__Description of the task__:
Repeat, exactly and alone, every line from the line that contains "intros H. assert" to the end of the entries.

##### Data excerpts #####

Lemma at_left_gt (ta tB : R) : ta < tB -> at_left tB (fun t => ta < t < tB).
Proof. intros H. apply (at_left_interval tB ((ta + tB) / 2)); intros; lra. Qed.

Lemma at_left_interval_inv (tB ta : R) (P : R -> Prop) :
  ta < tB -> at_left tB P -> exists t', ta <= t' < tB /\ forall t, t' <= t < tB -> P t.
Proof.
  intros Hta HP. apply locally_R in HP as [d [Hd HP]].
  exists (Rmax ta (tB - d / 2)). split.
  - split; [apply Rmax_l|apply Rmax_lub_lt; lra].
  - intros t Ht. assert (tB - d / 2 <= t) by (eapply Rle_trans; [apply Rmax_r|apply Ht]).
    apply HP; [apply Rabs_def1|]; lra.
Qed.

Lemma filter_lb_forall {T : Type} {F : (T -> Prop) -> Prop} {FF : Filter F}
    (m : nat) (g : nat -> T -> R) :
  (forall i, (i < m)%nat -> exists c, F (fun x => c <= g i x)) ->
  exists c, F (fun x => forall i, (i < m)%nat -> c <= g i x).
Proof.
  induction m as [|m IH]; intros H.
  - exists 0. apply filter_forall. intros; lia.
  - destruct IH as [c1 H1]; [intros; apply H; lia|].
    destruct (H m (Nat.lt_succ_diag_r m)) as [c2 H2].
    exists (Rmin c1 c2). generalize (filter_and _ _ H1 H2). apply filter_imp.
    intros x [Hx1 Hx2] i Hi. destruct (Nat.eq_dec i m) as [->|Hne].
    + eapply Rle_trans; [apply Rmin_r|exact Hx2].
    + eapply Rle_trans; [apply Rmin_l|apply Hx1; lia].
Qed.

Lemma filterlim_at_left_p_infty (f : R -> R) (tB : R) :
  (forall M, at_left tB (fun t => M < f t)) ->
  filterlim f (at_left tB) (Rbar_locally p_infty).
Proof.
  intros H P [M HM]. change (at_left tB (fun t => P (f t))).
  apply (filter_imp (fun t => M < f t)); [intros t; apply HM|apply H].
Qed.

Lemma exp_le_mono x y : x <= y -> exp x <= exp y.
Proof. intros [H| ->]; [left; now apply exp_increasing|apply Rle_refl]. Qed.

Lemma is_derive_continuous (f : R -> R) x l : is_derive f x l -> continuous f x.
Proof. intros H. apply (ex_derive_continuous (V := R_NormedModule)). now exists l. Qed.

Lemma is_derive_mult_R (f g : R -> R) t df dg :
  is_derive f t df -> is_derive g t dg ->
  is_derive (fun s => f s * g s) t (df * g t + f t * dg).
Proof. intros Hf Hg. apply (is_derive_mult f g t df dg Hf Hg). intros; apply Rmult_comm. Qed.

Lemma is_derive_exp_comp (U : R -> R) t dU :
  is_derive U t dU -> is_derive (fun s => exp (U s)) t (dU * exp (U t)).
Proof. intros H. apply (is_derive_comp exp U t (exp (U t)) dU); [apply is_derive_exp|auto]. Qed.

Lemma is_derive_shift (f : R -> R) (t0 s l : R) :
  is_derive f (s - t0) l -> is_derive (fun u => f (u - t0)) s l.
Proof.
  intros H. assert (Hc := is_derive_comp f (fun u => u - t0) s l 1 H).
  replace l with (scal 1 l) by (apply Rmult_1_l). apply Hc.
  auto_derive; [auto|ring].
Qed.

#####

__Solution for this task__:
  intros H. assert (Hc := is_derive_comp f (fun u => u - t0) s l 1 H).
  replace l with (scal 1 l) by (apply Rmult_1_l). apply Hc.
  auto_derive; [auto|ring].
Qed.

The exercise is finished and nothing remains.